Making my art not only touches my heart and soul, it makes me feel whole.

So maybe, if my work can bloom, be bright, strong and whole, so can I.  

And maybe so can you. 

Saturday, March 20, 2021

Things are springing up all around. Plum blossoms. Daffodils. Tulips. With all the blooming comes wind and rain, but I am ready to embrace it all. This time of year, I’m reminded of a poem I just love by e.e. Cummings.

Here’s a small excerpt:

 in just-

spring   when the world is mud-


and the little lame balloonman

whistles far    and wee     

and  eddieandbill come

running from marbles and

piracies and it’s 


when the world is puddle-wonderful

One thing I don’t look forward to is the time change that happens in my state. Turning the clocks ahead one hour takes me weeks of adjustment. I have a hard time falling asleep and waking up and worst of all is trying NOT to fall asleep during the day. 

Thank goodness for tea. 

I don’t know how I’d be right now without teatime in the afternoon. Oh, wait I do know. I’d be falling asleep. I’m lucky to have someone in the family who brings home luscious teas from Barnes and Noble. 

Making a fragrant cup of Earl Grey or Tower of London has become a daily ritual that really makes my day. Holding my hands around a cup of hot tea calms me. And inspires me to make more colorful and joyful teacups and mugs. 


All around me, the world is bursting with new life. The geese at the park are building nests. My peonies are peeking up from the ground. Pussy willows are popping out. Playgrounds are filling with the happy sounds of little ones. 

I don’t know about you, but I need spring desperately this year. With all the fear, anger and sadness, I need some comfort, light and happiness. And I do see glimmers: virus numbers are down. Vaccinations are happening faster and faster each week. 

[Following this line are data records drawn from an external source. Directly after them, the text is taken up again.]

(* Let $f$, $g$, $\xi$, $F$ satisfy the standing assumptions below, and let $x$ be the unique continuous solution of $x'(t)=-f(x(t))+g(t)$, $t>0$, $x(0)=\xi$. Suppose there exist $\delta>0$ and a function $\phi$ increasing on $(0,\delta)$ with $\lim_{x\to0^+}f(x)/\phi(x)=1$, that \[ \lim_{t\to\infty}\frac{g(t)}{f(F^{-1}(t))}=+\infty, \] and that $x(t)\to0$ as $t\to\infty$. If either $f\in\mathrm{RV}_0(\beta)$ for some $\beta>1$, or $f\circ F^{-1}\in\mathrm{RV}_\infty(-1)$, then \[ \lim_{t\to\infty}\frac{F(x(t))}{t}=0. \]
   Context: Standing assumptions: $f\in C(\mathbb{R};\mathbb{R})$ is locally Lipschitz continuous on $\mathbb{R}$, $f(0)=0$ and $xf(x)>0$ for $x\neq0$; $g\in C([0,\infty);\mathbb{R})$ with $g(t)>0$ for $t>0$; $\xi>0$. $F(x)=\int_x^1 \frac{du}{f(u)}$ for $x>0$, with $\lim_{x\to0^+}F(x)=+\infty$; $F^{-1}$ is the inverse of the strictly decreasing function $F$. $\mathrm{RV}_0(\beta)$: measurable positive $\varphi$ on $(0,\infty)$ with $\varphi(\lambda x)/\varphi(x)\to\lambda^\beta$ as $x\to0^+$ for every $\lambda>0$. $\mathrm{RV}_\infty(\alpha)$: measurable positive $h$ with $h(\lambda t)/h(t)\to\lambda^\alpha$ as $t\to\infty$ for every $\lambda>0$. *)

From Stdlib Require Export Reals.
Open Scope R_scope.

Definition loc_lipschitz (f : R -> R) : Prop :=
  forall a b : R, exists L : R, forall x y : R,
    a <= x <= b -> a <= y <= b -> Rabs (f x - f y) <= L * Rabs (x - y).

Definition cont_on_nonneg (h : R -> R) : Prop :=
  forall t : R, 0 <= t -> forall eps : R, 0 < eps -> exists d : R, 0 < d /\
    forall s : R, 0 <= s -> Rabs (s - t) < d -> Rabs (h s - h t) < eps.

Definition lim_0plus (h : R -> R) (l : R) : Prop :=
  forall eps : R, 0 < eps -> exists d : R, 0 < d /\
    forall x : R, 0 < x < d -> Rabs (h x - l) < eps.

Definition lim_0plus_infty (h : R -> R) : Prop :=
  forall M : R, exists d : R, 0 < d /\ forall x : R, 0 < x < d -> M < h x.

Definition lim_infty (h : R -> R) (l : R) : Prop :=
  forall eps : R, 0 < eps -> exists T : R,
    forall t : R, T < t -> Rabs (h t - l) < eps.

Definition lim_infty_infty (h : R -> R) : Prop :=
  forall M : R, exists T : R, forall t : R, T < t -> M < h t.

(* RV_0(beta): positive on (0,oo), phi(lam x)/phi(x) -> lam^beta as x -> 0+.
   (Measurability is automatic for the continuous functions used here.) *)
Definition RV0 (beta : R) (phi : R -> R) : Prop :=
  (forall x : R, 0 < x -> 0 < phi x) /\
  forall lam : R, 0 < lam ->
    lim_0plus (fun x => phi (lam * x) / phi x) (Rpower lam beta).

Definition RVinf (alpha : R) (h : R -> R) : Prop :=
  (forall t : R, 0 < t -> 0 < h t) /\
  forall lam : R, 0 < lam ->
    lim_infty (fun t => h (lam * t) / h t) (Rpower lam alpha).

From Stdlib Require Import Reals Lra Ranalysis5.
From Coquelicot Require Import Coquelicot.
Open Scope R_scope.

(* Idea.  [F u = int_u^1 dv / f v] is decreasing with [F' = -1/f].  Fix a small
   [e > 0].  In both cases [f (Finv (e t)) <= C f (Finv t)] for large [t]
   ([ratio_bound]); in the [RV_0] case this comes from halving estimates
   [f (y/2) <= c f y] with [c < 1/2] and [F (y/2) >= rho F y] with [rho > 1].
   Since [f] is quasi-increasing near 0 and [g] dominates [f o Finv], wherever
   [F (x t) > e t], i.e. [x t < Finv (e t)], we get [f (x t) < g t]
   ([forcing_dominates]).  So [w t = F (x t) - e t] has a negative derivative
   whenever it is positive, and a barrier principle bounds it: [F (x t) < m + e t]
   for large [t].  As [e] is arbitrary, [F (x t) / t -> 0]. *)

Lemma loc_lipschitz_continuity_pt (f : R -> R) :
  loc_lipschitz f -> forall u, continuity_pt f u.
Proof.
  intros Hlip u eps Heps.
  destruct (Hlip (u - 1) (u + 1)) as [L HL].
  set (K := Rabs L + 1).
  assert (HK : 0 < K) by (pose proof (Rabs_pos L); unfold K; lra).
  exists (Rmin 1 (eps / K)). split.
  - apply Rmin_pos; [lra | apply Rdiv_lt_0_compat; lra].
  - intros v [_ Hv]; simpl in *; unfold R_dist in *.
    pose proof (Rmin_l 1 (eps / K)); pose proof (Rmin_r 1 (eps / K)).
    assert (Hnear : Rabs (v - u) < 1) by lra.
    apply Rabs_def2 in Hnear.
    assert (Hbound : Rabs (f v - f u) <= K * Rabs (v - u)).
    { pose proof (HL v u ltac:(lra) ltac:(lra)).
      pose proof (RRle_abs L); pose proof (Rabs_pos (v - u)); unfold K; nra. }
    assert (Hsmall : K * Rabs (v - u) < K * (eps / K))
      by (apply Rmult_lt_compat_l; lra).
    replace (K * (eps / K)) with eps in Hsmall by (field; lra).
    lra.
Qed.

Lemma sign_pos (f : R -> R) :
  (forall u, u <> 0 -> 0 < u * f u) -> forall u, 0 < u -> 0 < f u.
Proof.
  intros Hsign u Hu. specialize (Hsign u ltac:(lra)).
  destruct (Rlt_or_le 0 (f u)); [assumption | nra].
Qed.

Definition quasi_increasing_at_0 (f : R -> R) : Prop :=
  exists d, 0 < d /\ forall a b, 0 < a -> a <= b -> b < d -> f a <= 3 * f b.

Lemma quasi_monotone (f : R -> R) :
  (forall u, 0 < u -> 0 < f u) ->
  (exists (delta : R) (phi : R -> R), 0 < delta /\
     (forall a b : R, 0 < a -> a <= b -> b < delta -> phi a <= phi b) /\
     lim_0plus (fun u => f u / phi u) 1) ->
  quasi_increasing_at_0 f.
Proof.
  intros Hpos [delta [phi [Hdelta [Hmono Hequiv]]]].
  destruct (Hequiv (1/2) ltac:(lra)) as [d [Hd Hclose]].
  assert (Hsandwich : forall u, 0 < u < d -> f u <= 3/2 * phi u /\ phi u <= 2 * f u).
  { intros u Hu. specialize (Hclose u Hu). apply Rabs_def2 in Hclose.
    pose proof (Hpos u ltac:(lra)).
    destruct (Rtotal_order (phi u) 0) as [Hneg | [Hzero | Hphi]].
    - assert (f u / phi u < 0)
        by (apply Rmult_pos_neg; [lra | apply Rinv_lt_0_compat; lra]).
      lra.
    - rewrite Hzero in Hclose. unfold Rdiv in Hclose. rewrite Rinv_0 in Hclose. lra.
    - set (q := f u / phi u) in *.
      assert (f u = q * phi u) by (unfold q; field; lra).
      split; nra. }
  exists (Rmin delta d). split; [apply Rmin_pos; lra |].
  intros a b Ha Hab Hb. pose proof (Rmin_l delta d); pose proof (Rmin_r delta d).
  pose proof (Hsandwich a ltac:(lra)); pose proof (Hsandwich b ltac:(lra)).
  pose proof (Hmono a b Ha Hab ltac:(lra)). lra.
Qed.

Lemma first_hitting_time (w : R -> R) (a b m : R) :
  (forall t, a <= t <= b -> continuity_pt w t) -> a <= b -> w a < m -> m <= w b ->
  exists s0, a < s0 <= b /\ w s0 = m /\ forall r, a <= r < s0 -> w r < m.
Proof.
  intros Hcont Hab Ha Hb.
  set (E := fun s => a <= s <= b /\ forall r, a <= r <= s -> w r < m).
  assert (HEa : E a).
  { split; [lra |]. intros r Hr. replace r with a by lra. exact Ha. }
  destruct (completeness E (ex_intro _ b (fun s Hs => proj2 (proj1 Hs)))
              (ex_intro _ a HEa)) as [s0 [Hub Hlub]].
  assert (Has0 : a <= s0) by (apply Hub; exact HEa).
  assert (Hs0b : s0 <= b) by (apply Hlub; intros s [Hs _]; lra).
  assert (Hbelow : forall r, a <= r < s0 -> w r < m).
  { intros r Hr.
    destruct (Classical_Prop.classic (exists s, E s /\ r < s)) as [[s [[_ Hs] Hrs]] | Hno].
    - apply Hs; lra.
    - assert (s0 <= r); [| lra]. apply Hlub. intros s Hs.
      destruct (Rlt_or_le r s); [exfalso; eauto | lra]. }
  destruct (Rtotal_order (w s0) m) as [Hlt | [Heq | Hgt]].
  - (* [w s0 < m]: continuity lets [E] extend beyond [s0] *)
    exfalso.
    destruct (Hcont s0 ltac:(lra) (m - w s0) ltac:(lra)) as [d [Hd Hnear]].
    assert (Hnear' : forall r, a <= r <= b -> Rabs (r - s0) < d -> w r < m).
    { intros r Hr Hrd. destruct (Req_dec r s0) as [-> | Hne]; [lra |].
      specialize (Hnear r (conj (conj I (not_eq_sym Hne)) Hrd)).
      simpl in Hnear; unfold R_dist in Hnear. apply Rabs_def2 in Hnear. lra. }
    assert (Hs0b' : s0 < b) by (destruct (Rle_lt_or_eq_dec s0 b Hs0b) as [| ->]; lra).
    set (s1 := Rmin (s0 + d / 2) b).
    assert (Hs1d : s1 <= s0 + d / 2) by apply Rmin_l.
    assert (Hs1b : s1 <= b) by apply Rmin_r.
    assert (Hs1 : s0 < s1) by (apply Rmin_glb_lt; lra).
    assert (HE1 : E s1).
    { split; [lra |]. intros r Hr.
      destruct (Rlt_or_le r s0); [apply Hbelow; lra |].
      apply Hnear'; [lra | apply Rabs_def1; lra]. }
    pose proof (Hub s1 HE1). lra.
  - assert (Has0' : a < s0) by (destruct (Rle_lt_or_eq_dec a s0 Has0) as [| <-]; lra).
    exists s0. split; [lra | split; [exact Heq | exact Hbelow]].
  - (* [w s0 > m]: continuity forces [w > m] just before [s0] *)
    exfalso.
    assert (Has0' : a < s0) by (destruct (Rle_lt_or_eq_dec a s0 Has0) as [| <-]; lra).
    destruct (Hcont s0 ltac:(lra) (w s0 - m) ltac:(lra)) as [d [Hd Hnear]].
    set (r := Rmax a (s0 - d / 2)).
    assert (Hra : a <= r) by apply Rmax_l.
    assert (Hrd' : s0 - d / 2 <= r) by apply Rmax_r.
    assert (Hr : r < s0) by (apply Rmax_lub_lt; lra).
    assert (Hne : s0 <> r) by lra.
    assert (Hrd : Rabs (r - s0) < d) by (apply Rabs_def1; lra).
    specialize (Hnear r (conj (conj I Hne) Hrd)).
    simpl in Hnear; unfold R_dist in Hnear. apply Rabs_def2 in Hnear.
    pose proof (Hbelow r ltac:(lra)). lra.
Qed.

Spring brings not just blossoms but a glimpse of the fruits of summer. So even on a rainy, mud luscious day like today, I look out my window and see the changing light. And hope. 

It’s spring. 

Here comes the sun. 

Monday, March 8, 2021

Virtual Shows: The New Normal

It’s the COVID Anniversary. Cue the single finger salute, please. Right? Let’s all take a blissful step back in time to pre-COVID. Remember that time?

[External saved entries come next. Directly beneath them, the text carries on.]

(* Let $R$ be a binary relation on a set $A$. Then every $x\in A$ is sequentially strongly minimalizing if and only if both $\mathbf{RP}(R)$ and $\mathbf{BP}(R)$ hold. (Constructively.)
   Context: Work in constructive (intuitionistic) logic / Martin-Löf type theory without excluded middle or other axioms. Let $R$ be a binary relation on $A$; write $a\to b$ for $R\,a\,b$ and $\to^*$ for its reflexive–transitive closure. $a\in\mathrm{MF}$ ($a$ is a minimal form) iff for all $b$, $a\to^* b$ implies $b\to^* a$. A sequence $s:\mathbb{N}\to A$ is $R$-increasing if $s(k)\to s(k+1)$ for all $k$; it is bounded if there is $b$ with $s(i)\to^* b$ for all $i$. $x$ is sequentially strongly minimalizing if for every $R$-increasing sequence $s$ with $s(0)=x$ there is $i$ with $s(i)\in\mathrm{MF}$. $\mathbf{BP}(R)$: every $R$-increasing sequence is bounded. $\mathbf{RP}(R)$: for every bounded $R$-increasing sequence $s$ there is $i$ such that for all $x$, $s(i)\to^* x$ implies $x\to^* s(i)$. *)

From Stdlib Require Import Relations.Relation_Operators.

Section Defs.
Variables (A : Type) (R : A -> A -> Prop).

Definition rstar : A -> A -> Prop := clos_refl_trans A R.

Definition MF (a : A) : Prop := forall b, rstar a b -> rstar b a.

Definition increasing (s : nat -> A) : Prop := forall k, R (s k) (s (S k)).

Definition bounded (s : nat -> A) : Prop := exists b, forall i, rstar (s i) b.

Definition seq_strongly_minimalizing (x : A) : Prop :=
  forall s : nat -> A, increasing s -> s 0 = x -> exists i, MF (s i).

Definition BP : Prop := forall s : nat -> A, increasing s -> bounded s.

Definition RP : Prop :=
  forall s : nat -> A, increasing s -> bounded s ->
    exists i, forall x, rstar (s i) x -> rstar x (s i).
End Defs.

Arguments rstar {A} R _ _.
Arguments MF {A} R _.
Arguments increasing {A} R _.
Arguments bounded {A} R _.
Arguments seq_strongly_minimalizing {A} R _.
Arguments BP {A} R.
Arguments RP {A} R.

From Stdlib Require Import Relations.Relation_Operators Arith.

(* Applied at [x := s 0], sequential strong minimalization of every element
   gives a minimal form [s i] on each increasing sequence [s]; this is RP, and
   [s i] bounds [s]: earlier terms reduce to it, later ones are reducts of it
   and so reduce back to it.  Conversely, RP applied to a sequence bounded by
   BP yields a minimal form on it. *)

Section IncreasingSequences.
Variables (A : Type) (R : A -> A -> Prop) (s : nat -> A).
Hypothesis s_incr : increasing R s.

Lemma increasing_rstar {i j} : i <= j -> rstar R (s i) (s j).
Proof.
  induction 1 as [|j _ IH].
  - apply rt_refl.
  - exact (rt_trans _ _ _ _ _ IH (rt_step _ _ _ _ (s_incr j))).
Qed.

Lemma increasing_MF_bounded i : MF R (s i) -> bounded R s.
Proof.
  intros MFi. exists (s i). intros j.
  destruct (le_ge_dec j i) as [le_ji | ge_ji].
  - exact (increasing_rstar le_ji).
  - exact (MFi _ (increasing_rstar ge_ji)).
Qed.

End IncreasingSequences.

Arguments increasing_MF_bounded {A R s} s_incr {i}.

Theorem mainTheorem7 (A : Type) (R : A -> A -> Prop) :
  (forall x : A, seq_strongly_minimalizing R x) <-> (RP R /\ BP R).
Proof.
  split.
  - intros SSM. split.
    + intros s s_incr _. exact (SSM (s 0) s s_incr eq_refl).
    + intros s s_incr. destruct (SSM (s 0) s s_incr eq_refl) as [i MFi].
      exact (increasing_MF_bounded s_incr MFi).
  - intros [HRP HBP] x s s_incr _. exact (HRP s s_incr (HBP s s_incr)).
Qed.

A year ago, I went out to lunch with a friend at an indoor restaurant. Shopped for a new pair of slippers(who knew they would become my primary footwear for the next year). Went to a large group meeting where I talked, smiled, laughed, hugged friends and got information about the upcoming big group show. 

Ghosts of the past?

Will big group shows and open studio tours and gallery art walks ever come back? There is an energy in being part of a large group of people with a creative focus. Setting up the show’s group booth and gallery was such a satisfying task. 

As an artist working alone in my own studio, I love my quiet creative space. But throughout the year, I looked forward to working alongside other artists, setting up displays, helping with stocking, working the cash register and wrapping. Did I get tired and overwhelmed at times? Sure. Did I want to do the event again? You bet. But COVID stopped it all. 

Virtual art sales.  

I’ve always had an online presence with a professional website and I’ve been using social media for years. But COVID has changed and intensified the whole online landscape.

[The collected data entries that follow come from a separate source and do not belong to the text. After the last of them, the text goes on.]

(* A palindromic prefix u of the palindrome v is also a suffix of v; where the two
   copies of u overlap, they share a palindromic prefix of u. *)
Lemma pal_prefix_overlap v u : rev v = v -> rev u = u -> prefix u v ->
  size v <= (size u).*2 ->
  rev (take ((size u).*2 - size v) u) = take ((size u).*2 - size v) u.
Proof.
move=> rv ru pu le_vu; have := pal_suffix_of_prefix rv ru pu.
case/prefixP: pu le_vu => z ->; rewrite size_cat addKn drop_cat => le_zu du.
have {}du : drop (size z) u ++ z = u.
  move: du; case: ifP => // /negbT; rewrite -leqNgt => le_uz.
  have -> : size z = size u by lia.
  by rewrite subnn drop0 drop_size => ->.
have -> : (size u).*2 - (size u + size z) = size u - size z by lia.
have tk : take (size u - size z) u = drop (size z) u.
  by rewrite -[X in take _ X]du take_size_cat // size_drop.
by rewrite [RHS]tk -[in RHS]ru drop_rev.
Qed.

Lemma prime_evpal_prefix_short v u : evpal0 v -> prime_evpal u -> prefix u v ->
  size u < size v -> (size u).*2 <= size v.
Proof.
move=> /andP[odd_v /eqP rv] /prime_evpalP[/andP[_ /andP[odd_u /eqP ru]] nu] pu lt_uv.
rewrite leqNgt; apply/negP => lt_vu.
have := pal_prefix_overlap rv ru pu (ltnW lt_vu); set m := _ - _ => rm.
have : 0 < m < size u by apply/andP; rewrite /m; lia.
move/nu/negP; apply; rewrite /evpal0 rm eqxx andbT size_takel /m; last by lia.
by move: odd_u odd_v; lia.
Qed.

While I used to spend time pricing and packing my work for a gallery or show, now I upload my work for my Etsy shop or an upcoming Virtual Show. It might seem the same, but it’s not. Yes, I built my own website on WordPress and updated it from time to time. I’ve got an Etsy shop. While online marketing used to be in addition to shows, it’s now THE show. 

This week, a large part of my studio time was spent shopping the best online options for my work: domain, web hosting and template costs. Should I give up Etsy and go to Big Cartel? Should I stay with Go Daddy and WordPress or go to Squarespace? Can I get the changes made in time for the Virtual Show?

Whew. One step at a time. I took new photos for the Virtual Show.  I found a new website platform. But best of all, I found time to get my hands dirty doing my most favorite thing pre and post COVID: throw and build some clay cups, bowls and little plates. 

Let me add hope. That the new normal can mix with the old normal. That virtual can mix and mingle and thrive with the actual.